Tip: The skill is most effective in Agent mode. In agent mode, the AI assistant automatically selects and activates relevant skills based on the task context — no manual file referencing needed.


Skill: deepstream-import-vision-model

deepstream-import-vision-model is an autonomous skill: instead of helping you write code, it executes a complete model bring-up pipeline and hands you back a benchmarked TensorRT engine plus a publication-ready PDF report.

Pipeline (runs unattended):

  1. Model Acquire — parses a HuggingFace or NVIDIA NGC URL, downloads ONNX (or exports SafeTensors → ONNX via optimum-cli), extracts labels.
  2. Engine Build — builds a dynamic TensorRT engine via trtexec, with iterative batch-size scaling and warm-cache reuse.
  3. DeepStream Pipeline — generates a custom nvinfer bbox parser, builds the .so, runs single-stream KITTI validation, then a multi-stream sweep.
  4. Report — produces 5 benchmark charts and a Markdown / HTML / PDF report under models/<model_name>/reports/.

Supported model scope: Object detection models only. Classification, segmentation, pose estimation, and other vision tasks are rejected up front (architecture detected from config.json — downloaded for HuggingFace models, extracted from the archive for NGC models).

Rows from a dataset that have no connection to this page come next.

Definition pullback_pair {W : Presheaf C} (u : NatTrans W A) (v : NatTrans W B)
    (E : forall V w, a V (u V w) = b V (v V w)) : NatTrans W pullback_psh.
Proof.
  refine {| eta := fun V w => (exist _ (u V w, v V w) (E V w) : pullback_psh V) |}.
  intros V V' f w. apply pullback_section_eq. simpl.
  rewrite (eta_nat u), (eta_nat v). reflexivity.
Defined.

Lemma pullback_psh_is_pullback :
  @is_pullback (PSh C) X A B pullback_psh a b pullback_pr1 pullback_pr2.
Proof.
  split.
  - apply nat_trans_eq. intros W s. exact (proj2_sig s).
  - intros W u v Euv. exists (pullback_pair u v (nat_trans_app Euv)). split.
    + split; apply nat_trans_eq; reflexivity.
    + intros h E1 E2. apply nat_trans_eq. intros V w.
      apply pullback_section_eq. simpl.
      rewrite <- (nat_trans_app E1), <- (nat_trans_app E2). simpl.
      destruct (h V w) as [[x y] E]. reflexivity.
Qed.

End PresheafPullbacks.

Lemma psh_universal {C : Category} {A X : PSh C} (a : Hom A X) : universal a.
Proof.
  intros B b. exists (pullback_psh a b), (pullback_pr1 a b), (pullback_pr2 a b).
  apply pullback_psh_is_pullback.
Qed.

Section PreTopology.
Context {C : Category} (T : Topology C).

Lemma PreT_unit_family {F G : Presheaf C} (phi : NatTrans F G) :
  PreCover T phi -> PreT T (@unit_family (PSh C) F G phi).
Proof.
  intros Hphi. split; [exists tt; intros []; reflexivity|]. intros i. exact Hphi.
Qed.

Lemma PreCover_of_locally_split {F G : Presheaf C} (pi : NatTrans F G) :
  @locally_split (PSh C) (PreT T) F G pi -> PreCover T pi.
Proof.
  intros [V [[[i0 _] HV] [rho Hrho]]] X psi.
  destruct (HV i0 X psi) as [U [HU [psi' Hpsi']]].
  exists U. split; [exact HU|].
  exists (fun j => rho i0 _ (psi' j)). intros j.
  rewrite Hpsi'. symmetry. exact (nat_trans_app (Hrho i0) _ _).
Qed.

End PreTopology.

Section Yoneda.
Context {C : Category}.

The following detection architecture families are supported:

  • Transformer-based detectors — query-based encoder-decoder designs (e.g., DETR and RT-DETR family, including TAO Transformer variants from NGC)
  • One-stage grid-based detectors — single-pass, anchor-based or anchor-free designs that predict boxes directly from spatial feature grids (e.g., YOLO family)
  • Open-vocabulary / zero-shot detectors — vision-language models that localize objects described by free-form text queries at inference time (e.g., GroundingDINO / OWL-ViT)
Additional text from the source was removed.